(* Let $V\in(\mathbb{R}\cup\{-\infty\})^{n\times p}$ have no row and no column identically equal to $-\infty$, and let $T=T_V:(\mathbb{R}\cup\{-\infty\})^n\to(\mathbb{R}\cup\{-\infty\})^n$ be the operator $$T_i(x)=\inf_{k\in[p],\,(i,k)\in E}\Big[-V_{ik}+\max_{j\in[n],\,j\neq i}(V_{jk}+x_j)\Big],\qquad i\in[n],$$ where $E=\{(i,k)\in[n]\times[p]: V_{ik}\neq-\infty\}$. Then $\rho(T)\le 0$ and $$-\rho(T)=\operatorname{inrad}(\operatorname{Col}(V)).$$ Moreover, if $\rho(T)$ is finite, then for any vector $a\in\mathbb{R}^n$ such that $T(a)\le \rho(T)+a$, the Hilbert ball $B(-a,-\rho(T))$ is included in $\operatorname{Col}(V)\cap\mathbb{R}^n$ and has maximal radius among Hilbert balls centered at a point of $\mathbb{R}^n$ and included in $\operatorname{Col}(V)$.
   Context: Write $\mathbb{R}_{\max}=\mathbb{R}\cup\{-\infty\}$, with conventions $-\infty+c=-\infty$ for $c\in\mathbb{R}_{\max}$ and the maximum of an empty family equal to $-\infty$; $\bot$ denotes the identically $-\infty$ vector, and $\lambda+x$ denotes the vector $(\lambda+x_i)_i$. For a matrix $V$, $\operatorname{Col}(V)=\{Vx: x\in\mathbb{R}_{\max}^p\}$ with $(Vx)_i=\max_{k}(V_{ik}+x_k)$ (the tropical column span). Hilbert's projective metric on $\mathbb{R}_{\max}^n$: for $x,y$ not both $\bot$, $d(x,y)=\inf\{\lambda-\mu:\lambda,\mu\in\mathbb{R},\ \mu+y_i\le x_i\le\lambda+y_i\ \forall i\}\in[0,+\infty]$, and $d(\bot,\bot)=0$. For $a\in\mathbb{R}^n$ and $r\in[0,+\infty]$, $B(a,r)=\{x\in\mathbb{R}_{\max}^n: d(a,x)\le r\}$. The inner radius $\operatorname{inrad}(\mathcal{C})$ of a set $\mathcal{C}\subset\mathbb{R}_{\max}^n$ is the supremum of the radii $r$ of Hilbert balls $B(a,r)$ with $a\in\mathbb{R}^n$ included in the tropical cone generated by $\mathcal C$ (for $\mathcal C=\operatorname{Col}(V)$, included in $\operatorname{Col}(V)$). For an order-preserving, continuous map $T:\mathbb{R}_{\max}^n\to\mathbb{R}_{\max}^n$ commuting with addition of constants, $\rho(T)=\sup\{\lambda\in\mathbb{R}\cup\{-\infty\}: \exists u\in\mathbb{R}_{\max}^n,\ u\neq\bot,\ T(u)=\lambda+u\}$. *)

From HB Require Import structures.
From mathcomp Require Import all_boot all_order all_algebra.
From mathcomp Require Import all_classical all_reals.
From mathcomp Require Import ereal.
Set Implicit Arguments. Unset Strict Implicit. Unset Printing Implicit Defensive.
Import Order.TTheory GRing.Theory Num.Theory.
Local Open Scope classical_set_scope.
Local Open Scope ereal_scope.

(* R_max = R ∪ {-oo} is modelled inside \bar R as the elements different
   from +oo.  A vector of R_max^n is a map 'I_n -> \bar R with no +oo entry. *)
Section TropDefs.
Variable R : realType.

Definition rmax_vec (n : nat) (x : 'I_n -> \bar R) : Prop :=
  forall i, x i != +oo.

Definition botv (n : nat) : 'I_n -> \bar R := fun _ => -oo.

Definition fin_vecs (n : nat) : set ('I_n -> \bar R) :=
  [set x | forall i, x i \is a fin_num].

Definition embv (n : nat) (a : 'I_n -> R) : 'I_n -> \bar R :=
  fun i => (a i)%:E.

Definition tmulv (n p : nat) (V : 'I_n -> 'I_p -> \bar R) (x : 'I_p -> \bar R)
  : 'I_n -> \bar R :=
  fun i => \big[maxe/-oo]_(k < p) (V i k + x k).

Definition colspan (n p : nat) (V : 'I_n -> 'I_p -> \bar R)
  : set ('I_n -> \bar R) :=
  [set y | exists x : 'I_p -> \bar R, rmax_vec x /\ y = tmulv V x].

Definition T_op (n p : nat) (V : 'I_n -> 'I_p -> \bar R) (x : 'I_n -> \bar R)
  : 'I_n -> \bar R :=
  fun i => ereal_inf
    [set (- V i k + \big[maxe/-oo]_(j < n | j != i) (V j k + x j))
       | k in [set k : 'I_p | V i k != -oo]].

(* Hilbert's projective metric (inf of the empty set is +oo) *)
Definition hilbert_d (n : nat) (x y : 'I_n -> \bar R) : \bar R :=
  if `[< x = @botv n /\ y = @botv n >] then 0
  else ereal_inf [set e : \bar R | exists l m : R, e = (l - m)%:E /\
          forall i, m%:E + y i <= x i /\ x i <= l%:E + y i].

Definition hball (n : nat) (a : 'I_n -> R) (r : \bar R) : set ('I_n -> \bar R) :=
  [set x | rmax_vec x /\ hilbert_d (embv a) x <= r].

Definition inrad_col (n p : nat) (V : 'I_n -> 'I_p -> \bar R) : \bar R :=
  ereal_sup [set r : \bar R | 0 <= r /\
     exists a : 'I_n -> R, hball a r `<=` colspan V].

Definition rho (n : nat) (T : ('I_n -> \bar R) -> ('I_n -> \bar R)) : \bar R :=
  ereal_sup [set l : \bar R | l != +oo /\
     exists u : 'I_n -> \bar R, rmax_vec u /\ u <> @botv n /\
       T u = (fun i => l + u i)].

End TropDefs.

(* The Collatz-Wielandt number cw(T) = inf {l | exists a in R^n, T a <= l + a}
   connects both sides.  A ball B(b, r) inside Col(V) gives T(-b) <= -b - r, by
   testing the point of the ball raised by r at coordinate i; conversely
   T a <= a - r puts B(-a, r) inside Col(V), the residuated vector
   y_k = min_i (x_i - V_ik) witnessing membership of each point x.  Hence
   inrad = -cw.  An eigenvector is dominated by a translate of any
   super-eigenvector, so rho <= cw.  Conversely, cw is attained: T is a minimum
   over finitely many policies of max-plus linear maps, and for one policy,
   approximate potentials give an exact one by Fourier-Motzkin elimination.
   The decreasing orbit of max(T - cw, id - 1) from an optimal super-eigenvector
   then converges to an eigenvector for cw, which is not identically -oo: else
   some M points of the orbit, staggered by 1/M and minimized, would form a
   super-eigenvector for cw - 1/M. *)

From HB Require Import structures.
From mathcomp Require Import all_boot all_order all_algebra.
From mathcomp Require Import all_classical all_reals.
From mathcomp Require Import ereal lra.
Import Order.TTheory GRing.Theory Num.Theory.
Local Open Scope classical_set_scope.
Local Open Scope ereal_scope.
Set Implicit Arguments. Unset Strict Implicit. Unset Printing Implicit Defensive.

Section DifferenceConstraints.
Variables (R : realFieldType) (T : eqType).
Local Open Scope ring_scope.
Implicit Types (e : R) (a : T -> R) (cs : seq (T * T * R)).

(* The triple (i, j, w) stands for the difference constraint w + a j <= a i. *)
Definition dc_sat e a (c : T * T * R) : bool := c.2 + a c.1.2 <= e + a c.1.1.

Definition dc_within (vs : seq T) cs :=
  all (fun c => (c.1.1 \in vs) && (c.1.2 \in vs)) cs.

Definition dc_elim (v : T) cs : seq (T * T * R) :=
  [seq c <- cs | (c.1.1 != v) && (c.1.2 != v)] ++
  [seq (c.1.1, d.1.2, c.2 + d.2)
     | c <- [seq c <- cs | (c.1.1 != v) && (c.1.2 == v)],
       d <- [seq d <- cs | (d.1.1 == v) && (d.1.2 != v)]].

Lemma dc_satW e e' a c : e <= e' -> dc_sat e a c -> dc_sat e' a c.
Proof. by rewrite /dc_sat => ee' /le_trans; apply; rewrite lerD2r. Qed.

Lemma dc_elim_sat e a v cs :
  0 <= e -> all (dc_sat e a) cs -> all (dc_sat (e + e) a) (dc_elim v cs).
Proof.
move=> e0 /allP sat_cs; rewrite all_cat; apply/andP; split.
  apply/allP => c; rewrite mem_filter => /andP[_ /sat_cs]; apply: dc_satW.
  by rewrite lerDr.
apply/all_allpairsP => c d; rewrite !mem_filter.
move=> /andP[/andP[_ /eqP cv] /sat_cs +] /andP[/andP[/eqP dv _] /sat_cs].
by rewrite /dc_sat /= cv dv; lra.
Qed.

Lemma dc_elim_within v vs cs :
  dc_within (v :: vs) cs -> dc_within vs (dc_elim v cs).
Proof.
move=> /allP cs_in; rewrite /dc_within all_cat; apply/andP; split.
  apply/allP => c; rewrite mem_filter => /andP[/andP[c1 c2] /cs_in].
  by rewrite !in_cons (negbTE c1) (negbTE c2).
apply/all_allpairsP => c d; rewrite !mem_filter /=.
move=> /andP[/andP[c1 _] /cs_in /andP[+ _]] /andP[/andP[_ d2] /cs_in /andP[_ +]].
by rewrite !in_cons (negbTE c1) (negbTE d2) /= => -> ->.
Qed.

Lemma dc_loop_le0 v w cs : (v, v, w) \in cs ->
  (forall e, 0 < e -> exists a, all (dc_sat e a) cs) -> w <= 0.
Proof.
move=> vv approx; apply/ler_addgt0Pr => e /approx[a /allP /(_ _ vv)].
by rewrite /dc_sat /=; lra.
Qed.

Lemma dc_elim_extend v cs a :
  (forall w, (v, v, w) \in cs -> w <= 0) -> all (dc_sat 0 a) (dc_elim v cs) ->
  exists a', all (dc_sat 0 a') cs.
Proof.
move=> loops /allP sat_elim.
pose into_v (c : T * T * R) := (c.1.1 != v) && (c.1.2 == v).
pose from_v (d : T * T * R) := (d.1.1 == v) && (d.1.2 != v).
(* Any value between the lower bounds coming from the constraints (v, j, w)
   and the upper bounds coming from the constraints (i, v, w) will do. *)
pose lo := \big[Num.max/0]_(d <- cs | from_v d) (d.2 + a d.1.2).
pose t := \big[Num.min/lo]_(c <- cs | into_v c) (a c.1.1 - c.2).
exists (fun k => if k == v then t else a k); apply/allP => -[[i j] w] cin.
rewrite /dc_sat /=; have [iv|iv] := eqVneq i v; have [jv|jv] := eqVneq j v.
- by subst i j; have := loops w cin; lra.
- subst i; rewrite add0r /t big_seq_cond.
  apply: le_bigmin => [|c /andP[cs_c /andP[c1 /eqP c2]]].
    by apply: le_bigmax_seq cin _; rewrite /from_v /= eqxx.
  have /sat_elim : (c.1.1, j, c.2 + w) \in dc_elim v cs.
    rewrite mem_cat; apply/orP; right.
    apply: (allpairs_f (fun c d : T * T * R => (c.1.1, d.1.2, c.2 + d.2))
              (x := c) (y := (v, j, w))).
      by rewrite mem_filter c1 c2 eqxx cs_c.
    by rewrite mem_filter eqxx jv cin.
  by rewrite /dc_sat /=; lra.
- subst j; rewrite add0r; suff : t <= a i - w by lra.
  by apply: bigmin_inf_seq cin _ _; rewrite /into_v /= ?iv ?eqxx.
- have /sat_elim : (i, j, w) \in dc_elim v cs by rewrite mem_cat mem_filter iv jv cin.
  by rewrite /dc_sat /=.
Qed.

Lemma dc_feasible vs cs : dc_within vs cs ->
  (forall e, 0 < e -> exists a, all (dc_sat e a) cs) ->
  exists a, all (dc_sat 0 a) cs.
Proof.
elim: vs cs => [|v vs IH] cs cs_in approx.
  by exists (fun=> 0); apply: sub_all cs_in => c; rewrite in_nil.
have approx_elim e : 0 < e -> exists a, all (dc_sat e a) (dc_elim v cs).
  move=> e0; have /approx[a sat_a] : 0 < e / 2 by rewrite divr_gt0.
  by exists a; rewrite [e]splitr; apply: dc_elim_sat => //; lra.
have [a sat_a] := IH _ (dc_elim_within cs_in) approx_elim.
by apply: dc_elim_extend sat_a => w vv; apply: dc_loop_le0 vv approx.
Qed.
End DifferenceConstraints.

Lemma fin_uniform_witness (R : realFieldType) (I : finType) (P : I -> R -> Prop) :
  (forall i e e', (0 < e <= e')%R -> P i e -> P i e') ->
  (forall e, (0 < e)%R -> exists i, P i e) -> exists i, forall e, (0 < e)%R -> P i e.
Proof.
move=> P_up approx; apply: contrapT => no_uniform.
have [bad bad_spec] : {bad : I -> R & forall i, (0 < bad i)%R /\ ~ P i (bad i)}.
  apply: (@choice _ _ (fun i e => (0 < e)%R /\ ~ P i e)) => i.
  have /existsNP[e] : ~ forall e, (0 < e)%R -> P i e.
    by move=> Pi; apply: no_uniform; exists i.
  by move=> /not_implyP[e0 nPe]; exists e.
pose e := \big[Num.min/1%R]_i bad i.
have e0 : (0 < e)%R by apply/bigmin_gtP; split => // i _; case: (bad_spec i).
have [i Pie] := approx e e0; case: (bad_spec i) => _; apply.
by apply: P_up Pie; rewrite e0 bigmin_le.
Qed.

Section HilbertMetric.
Variables (R : realType) (n : nat).
Implicit Types (a : 'I_n -> R) (r : R).

Lemma hilbert_d_le_fin a (x : 'I_n -> \bar R) r : rmax_vec x ->
  hilbert_d (embv a) x <= r%:E ->
  exists2 x' : 'I_n -> R, x = embv x' & forall i j, ((x' i - a i) - (x' j - a j) <= r)%R.
Proof.
move=> x_noy; rewrite /hilbert_d; case: asboolP => [[a_bot _] _|_ dax].
  have no_i (i : 'I_n) : False by have := congr1 (@^~ i) a_bot.
  by exists (fun=> 0%R) => [|i]; [apply: funext => i|]; case: (no_i i).
have x_fin i : x i \is a fin_num.
  rewrite fin_numE x_noy andbT; apply/negP => /eqP xi; move: dax.
  rewrite (_ : ereal_inf _ = +oo) ?leye_eq //.
  apply/ereal_inf_pinfty => e [l [m [_ /(_ i) [_]]]].
  by rewrite xi addeNy /embv leeNy_eq.
exists (fun i => fine (x i)) => [|i j]; first by apply: funext => i; rewrite /embv fineK.
rewrite -lee_fin; apply: le_trans dax; apply/ereal_infP => _ [l [m [-> bounds]]].
have [+ _] := bounds i; have [_ +] := bounds j.
by rewrite /embv -(fineK (x_fin i)) -(fineK (x_fin j)) -!EFinD !lee_fin /=; lra.
Qed.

* * * *

- Work task
From the data above, copy each line that holds "Section".

- Written response
Section TropDefs.
Section DifferenceConstraints.
Section HilbertMetric.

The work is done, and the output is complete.